I have had a saying about change for a long time that goes something like "the scariest part of true change is that it is like jumping off a cliff and hoping that your wings will grow" and although I THINK that I have had that feeling before, after this week I KNOW what it is to hold that sense of angst, insecurity and downright fear within you and know that this is the time to jump or forever more sit back and watch everyone else fly by...
It may seem a silly thing to others, this thing that has brought me such anxiety, but once I again I find that we really are all different and what we each perceive and experience is our own unique journey.
So this week I embarked on a new journey - the journey of group personal training. This in itself is not the scary bit for me, I have always exercised and I know and trust the trainer. There are a few parts to the 'scary cliff jumping change' part - the first being the passion and ferocity of our trainer. She is a wonderful person, a friend and an amazing trainer and I know her work as I have trained with her over 4 years ago before she left Australia for an overseas posting.
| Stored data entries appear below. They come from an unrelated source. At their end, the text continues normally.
Lemma orbit_repeat (u : nat -> T) :
  finitely_many_orbits -> exists a b h, a < b /\ u b = act h (u a).
Proof.
  intros [L HL].
  assert (rep : forall i, exists p : G * T, In (snd p) L /\ u i = act (fst p) (snd p)).
  { intro i. destruct (HL (u i)) as [g [y [Hy E]]]. exists (g, y); auto. }
  set (r := fun i => proj1_sig (constructive_indefinite_description _ (rep i))).
  assert (Hr : forall i, In (snd (r i)) L /\ u i = act (fst (r i)) (snd (r i))).
  { intro i. unfold r. destruct (constructive_indefinite_description _ (rep i)); auto. }
  destruct (pigeonhole_seq (fun i => snd (r i)) L (fun i => proj1 (Hr i)))
    as [a [b [ab E]]].
  exists a, b, (gmul G (fst (r b)) (ginv G (fst (r a)))). split; auto.
  rewrite actM, (proj2 (Hr a)), actK, (proj2 (Hr b)), E; reflexivity.
Qed.

Variable f : T -> T.
Hypothesis f_equiv : forall g x, f (act g x) = act g (f x).

Lemma iter_equiv n g x : Nat.iter n f (act g x) = act g (Nat.iter n f x).
Proof. symmetry. apply Nat.iter_swap_gen. intro; symmetry; apply f_equiv. Qed.

Definition periodic (x : T) : Prop :=
  exists k h, 0 < k /\ Nat.iter k f x = act h x.

Lemma twisted_iter_in_orbit k h j x :
  exists g, Nat.iter j (fun y => act h (Nat.iter k f y)) x = act g (Nat.iter (k * j) f x).
Proof.
  induction j as [|j [g IH]].
  - exists (gone G). rewrite Nat.mul_0_r, act1. reflexivity.
  - exists (gmul G h g). replace (k * Datatypes.S j) with (k + k * j) by lia.
    simpl. rewrite IH, Nat.iter_add, iter_equiv, actM. reflexivity.
Qed.

Lemma twisted_iter_return k h j x :
  Nat.iter j (fun y => act h (Nat.iter k f y)) x = x ->
  exists g, Nat.iter (k * j) f x = act g x.
Proof.
  intro E. destruct (twisted_iter_in_orbit k h j x) as [g Hg].
  exists (ginv G g). rewrite <- E at 2. rewrite Hg, actK. reflexivity.
Qed.

Lemma iter_mul_in_orbit k h x :
  Nat.iter k f x = act h x -> forall j, exists g, Nat.iter (k * j) f x = act g x.
Proof.
  intros E j. apply (twisted_iter_return k (ginv G h)).
  induction j as [|j IH]; simpl; [reflexivity|].
  rewrite IH, E, actK. reflexivity.
Qed.

Lemma periodic_iter_exists x : finitely_many_orbits -> exists a, periodic (Nat.iter a f x).
Proof.
  intro orbits.
  destruct (orbit_repeat (fun i => Nat.iter i f x) orbits) as [a [b [h [ab E]]]].
  exists a, (b - a), h. split; [lia|].
  rewrite <- Nat.iter_add. replace (b - a + a) with b by lia. exact E.
Qed.

Lemma equivariant_Injective_Surjective : finitely_many_orbits -> Injective f -> Surjective f.
Proof.
  intros orbits f_inj y.
  destruct (orbit_repeat (fun i => Nat.iter i f y) orbits) as [a [b [h [ab E]]]].
  simpl in E. replace b with (a + (b - a)) in E by lia.
  rewrite Nat.iter_add, <- iter_equiv in E.
  apply (iter_inj_on (fun _ => True) f (fun _ _ => I) (fun x y _ _ => f_inj x y) a)
    in E; auto.
  destruct (b - a) as [|m] eqn:Hm; [lia|].
  exists (act (ginv G h) (Nat.iter m f y)). simpl in E.
  rewrite f_equiv, E, actK. reflexivity.
Qed.

Definition stabilizer (x : T) : G -> Prop := fun g => act g x = x.

Lemma stabilizer_f_sub x :
  periodic x -> finite_set (stabilizer x) ->
  forall g, stabilizer (f x) g -> stabilizer x g.
Proof.
  intros [k [h [k_pos Eh]]] stab_fin g Hg.
  set (c := fun a => gmul G (ginv G h) (gmul G a h)).
  assert (c_stab : forall a, stabilizer (Nat.iter k f x) a -> stabilizer x (c a)).
  { intros a Ha. unfold c, stabilizer in *. rewrite !actM, <- Eh, Ha, Eh, actK. reflexivity. }
  assert (c_maps : forall a, stabilizer x a -> stabilizer x (c a)).
  { intros a Ha. apply c_stab. unfold stabilizer in *. rewrite <- iter_equiv, Ha. reflexivity. }
  assert (c_inj : forall a b, c a = c b -> a = b).
  { unfold c; intros a b E. apply gmulI in E. apply gmulIr in E. exact E. }
  assert (c_g : stabilizer x (c g)).
  { apply c_stab. destruct k as [|k]; [lia|]. unfold stabilizer in *.
    rewrite Nat.iter_succ_r, <- iter_equiv, Hg. reflexivity. }
  destruct (finite_self_map_onto (stabilizer x) c stab_fin c_maps
              (fun a b _ _ => c_inj a b) (c g) c_g)
    as [a [Ha E]].
  apply c_inj in E. subst a. exact Ha.
Qed.

Lemma equivariant_Injective :
  (forall x, periodic x) -> (forall x, finite_set (stabilizer x)) -> Injective f.
Proof.
  intros per stab_fin x y E.
  destruct (per x) as [k1 [h1 [k1_pos E1]]].
  destruct (per y) as [k2 [h2 [k2_pos E2]]].
  destruct (iter_mul_in_orbit k1 h1 x E1 k2) as [g1 Hx].
  destruct (iter_mul_in_orbit k2 h2 y E2 k1) as [g2 Hy].
  rewrite Nat.mul_comm in Hy.
  destruct (k1 * k2) as [|K] eqn:HK; [nia|].
  rewrite Nat.iter_succ_r, E, <- Nat.iter_succ_r, Hy in Hx.
  assert (y_eq : y = act (gmul G (ginv G g2) g1) x).
  { rewrite actM, <- Hx, actK. reflexivity. }
  rewrite y_eq. symmetry. apply (stabilizer_f_sub x (per x) (stab_fin x)).
  unfold stabilizer. rewrite <- f_equiv, <- y_eq. symmetry. exact E.
Qed.

End Action.

Arguments periodic {G T} act f x.
Arguments stabilizer {G T} act x g.
Arguments finitely_many_orbits {G T} act.

Lemma cell_iter_nxt (X : complex) n (s : S X) : cell (Nat.iter n nxt s) = cell s.
Proof. induction n as [|n IH]; simpl; [|rewrite cell_nxt]; auto. Qed.

Section CombinatorialMap.
Context {X Y : complex} {fV : V X -> V Y} {fD : D X -> D Y}.
Context {fS : S X -> S Y} {fF : F X -> F Y}.
Hypothesis f_cmap : is_cmap X Y fV fD fS fF.

Lemma cmap_iter_nxt n s : fS (Nat.iter n nxt s) = Nat.iter n nxt (fS s).
Proof. apply Nat.iter_swap_gen, (cm_nxt _ _ _ _ _ _ f_cmap). Qed.

Lemma cmap_Injective_D :
  Injective fV -> (forall d d', src d = src d' -> fD d = fD d' -> d = d') -> Injective fD.
Proof.
  intros fV_inj link_inj d d' E. apply link_inj; auto. apply fV_inj.
  rewrite <- !(cm_src _ _ _ _ _ _ f_cmap), E. reflexivity.
Qed.

Lemma cmap_Injective_S :
  Injective fD -> (forall s s', src (lab s) = src (lab s') -> fS s = fS s' -> s = s') ->
  Injective fS.
Proof.
  intros fD_inj corner_inj s s' E. apply corner_inj; auto. f_equal. apply fD_inj.
  rewrite <- !(cm_lab _ _ _ _ _ _ f_cmap), E. reflexivity.
Qed.

Lemma cmap_Injective_F : Injective fS -> Injective fF.
Proof.
  intros fS_inj c c' E.
  destruct (cell_nonempty X c) as [s <-]. destruct (cell_nonempty X c') as [s' <-].
  rewrite <- !(cm_cell _ _ _ _ _ _ f_cmap) in E.
  destruct (cell_sides Y _ _ E) as [n [En|En]].
  - rewrite <- cmap_iter_nxt in En. apply fS_inj in En. subst s'.
    rewrite cell_iter_nxt. reflexivity.
  - rewrite <- (cm_flip _ _ _ _ _ _ f_cmap), <- cmap_iter_nxt in En. apply fS_inj in En.
    subst s'. rewrite cell_iter_nxt, cell_flip. reflexivity.
Qed.

Lemma cmap_Surjective_S : Surjective fF -> Surjective fS.
Proof.
  intros fF_surj t. destruct (fF_surj (cell t)) as [c Ec].
  destruct (cell_nonempty X c) as [s <-].
  rewrite <- (cm_cell _ _ _ _ _ _ f_cmap) in Ec.
  destruct (cell_sides Y _ _ Ec) as [n [En|En]].
  - exists (Nat.iter n nxt s). rewrite cmap_iter_nxt. symmetry. exact En.
  - exists (Nat.iter n nxt (flip s)).
    rewrite cmap_iter_nxt, (cm_flip _ _ _ _ _ _ f_cmap). symmetry. exact En.
Qed.

End CombinatorialMap.

Section GcomplexLink.
Variables (G : Group) (X : complex) (A : Gcomplex G X).

Lemma aD_src g d : src (aD A g d) = aV A g (src d).
Proof. apply (cm_src _ _ _ _ _ _ (act_cmap G X A g)). Qed.

Lemma finite_link_orbit (v : V X) (d0 : D X) :
  finite_set (stabilizer (aV A) (src d0)) ->
  finite_set (fun d => src d = v /\ exists g, d = aD A g d0).
Proof.
  intros [l Hl].
  destruct (classic (exists g0, aV A g0 (src d0) = v)) as [[g0 E0]|no_g].
  - exists (map (fun a => aD A (gmul G g0 a) d0) l).
    intros d [Hv [g ->]]. apply in_map_iff. exists (gmul G (ginv G g0) g). split.
    + rewrite gmulA, gmulVr, gmul1. reflexivity.
    + apply Hl. unfold stabilizer.
      rewrite act_mulV, <- aD_src, Hv, <- E0, (actK (act_oneV G X A) (act_mulV G X A)).
      reflexivity.
  - exists nil. intros d [Hv [g ->]]. apply no_g. exists g. rewrite <- aD_src. exact Hv.
Qed.

Lemma finite_link :
  (forall v, finite_set (stabilizer (aV A) v)) -> finitely_many_orbits (aD A) ->
  forall v : V X, finite_set (fun d : D X => src d = v).
Proof.
  intros stab_fin [L HL] v.
  destruct (finite_set_bigcup L (fun d0 d => src d = v /\ exists g, d = aD A g d0)
              (fun d0 _ => finite_link_orbit v d0 (stab_fin (src d0)))) as [l Hl].
  exists l. intros d Hv. apply Hl.
  destruct (HL d) as [g [d0 [Hd0 ->]]]. exists d0. split; [|split]; eauto.
Qed.

End GcomplexLink.

Section PeriodicVertices.
Variables (G : Group) (X : complex) (A : Gcomplex G X).
Variables (fV : V X -> V X) (fD : D X -> D X).
Hypothesis fD_src : forall d, src (fD d) = fV (src d).
Hypothesis fD_rev : forall d, fD (rev d) = rev (fD d).
Hypothesis fD_link_inj : forall d d', src d = src d' -> fD d = fD d' -> d = d'.
Hypothesis fD_equiv : forall g d, fD (aD A g d) = aD A g (fD d).

Lemma iter_fD_src n d : src (Nat.iter n fD d) = Nat.iter n fV (src d).
Proof. apply Nat.iter_swap_gen, fD_src. Qed.

Lemma iter_fD_rev n d : Nat.iter n fD (rev d) = rev (Nat.iter n fD d).
Proof. symmetry. apply Nat.iter_swap_gen. intro; symmetry; apply fD_rev. Qed.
So knowing her style I was already kind of scared as I knew we would be pushed, and boy was I pushed!! So where is the cliff??? For me the edge of that cliff is holding the label I have carried for a lifetime, the label of 'fat me'. The story is long and for another post but it is a mental and emotional challenge as well as a physical one that has been a long time struggle but one that I am determined to outgrow and outshine. Brave words as I stand at the edge of the cliff that is my collection of internal labels, look over the edge and say to myself 'jump, its OK your wings will grow, just jump! And leave all of this behind'. For me, this is leaving 'me' behind, I may loathe this label, I may want so desperately to free myself of it, but some part of me also feels that this is ME and to leave it behind is to have to look at myself and work out who I am without it (THERES the edge of the cliff!!).
I really hadn't realised how comfortable I was with this 'me' and how much I have done to make excuses or sabotage myself to keep me right here in the place that I know. It really hit home to me when our trainer told us that we 4 in our group are the only people she will be working with (even though her services are in high demand), that she is here for US and that she will be checking in and supporting us all the way....WHOA where do I hide now??!!! Absolutely, totally BUSTED hiding in my comfortable, soft place of familiar exercise and trying to eat well.
So here I stand, at the edge of my cliff, feeling the breeze against my bare, vulnerable self, telling myself 'just one more step, it will be OK, just one more step' and I wonder to myself -
How long will it take to learn how to fly...................

Thursday 9 February 2012

Just Because I Like To Serve People Doesn't Mean You Can Treat Me Like Your Servant

Friends...
How do your friends treat you? 
How do you treat your friends?
I don't really know about how other people operate but for me, I like to think that I am conscious of my friendships and treat my friends and in fact most others in my life how I would like to be treated. For me the important parts of friendship are equality - some sort of give and take, it does not need to occur spontaneously, it is unspoken, you just know that somewhere along the line you will do something for a friend and then at another time it will come back to you in kind. Or at least that's how I would like to think it works.....
All my life I have been a 'people pleaser' and I have finally realised that actually I am ok with that! I REALLY like it when other people are pleased by something that I have done for them or said to them. There have been times in my life certainly that this has not been the healthiest pursuit - I remember, in years gone by,  the delightful satisfaction I gained from being 'needed' by others. I also remember how draining that can be as well as the despairing hole that was left inside of me when someone that I had nursed and nurtured found themselves strong and well and confident enough to move on to a place that was no longer so close to me.
Lessons hard learned but never forgotten - all friendships must have a balance.
As always (at least for me) some lessons in life just aren't that obvious!! It began to occur to me, sometime in the last few years, (yep, slow learner sometimes!!) that there were a number of 'unbalanced' friendships in my life. As someone who has always loved working with and generally being surrounded by people I am only to happy to do favours for others, offer my time to them, offer my trade services, anything really that would be helpful, bring joy or at the very least alleviate some suffering if they were going through a hard time. For me all of these acts are just second nature, it is quite simply what you do for your friends. Sadly I have found that this is not the case for all 'friends' and there have been people in my life that have called on the 'friend card' time and again for their own gain and advantage and then, when the day has come that I have been unable to give or assist, they simply disappear, never to be heard from again (or until the next time they need something).
It has been a long, hard and at times heartbreaking road for me to recognise and release those people in my life that for whatever reason, whether conscious or not, that have come to treat me as a servant to their whims and needs rather than sharing in the great joy and gift that true and equal friendship offers.
At the end of the day I do believe that it is all a part of my journey, that I have invited all people into my life for a reason, to teach and to learn. I believe that I am learning all the time, every day, just how much I am worth in this life and all the ways I am showing my worth to the world........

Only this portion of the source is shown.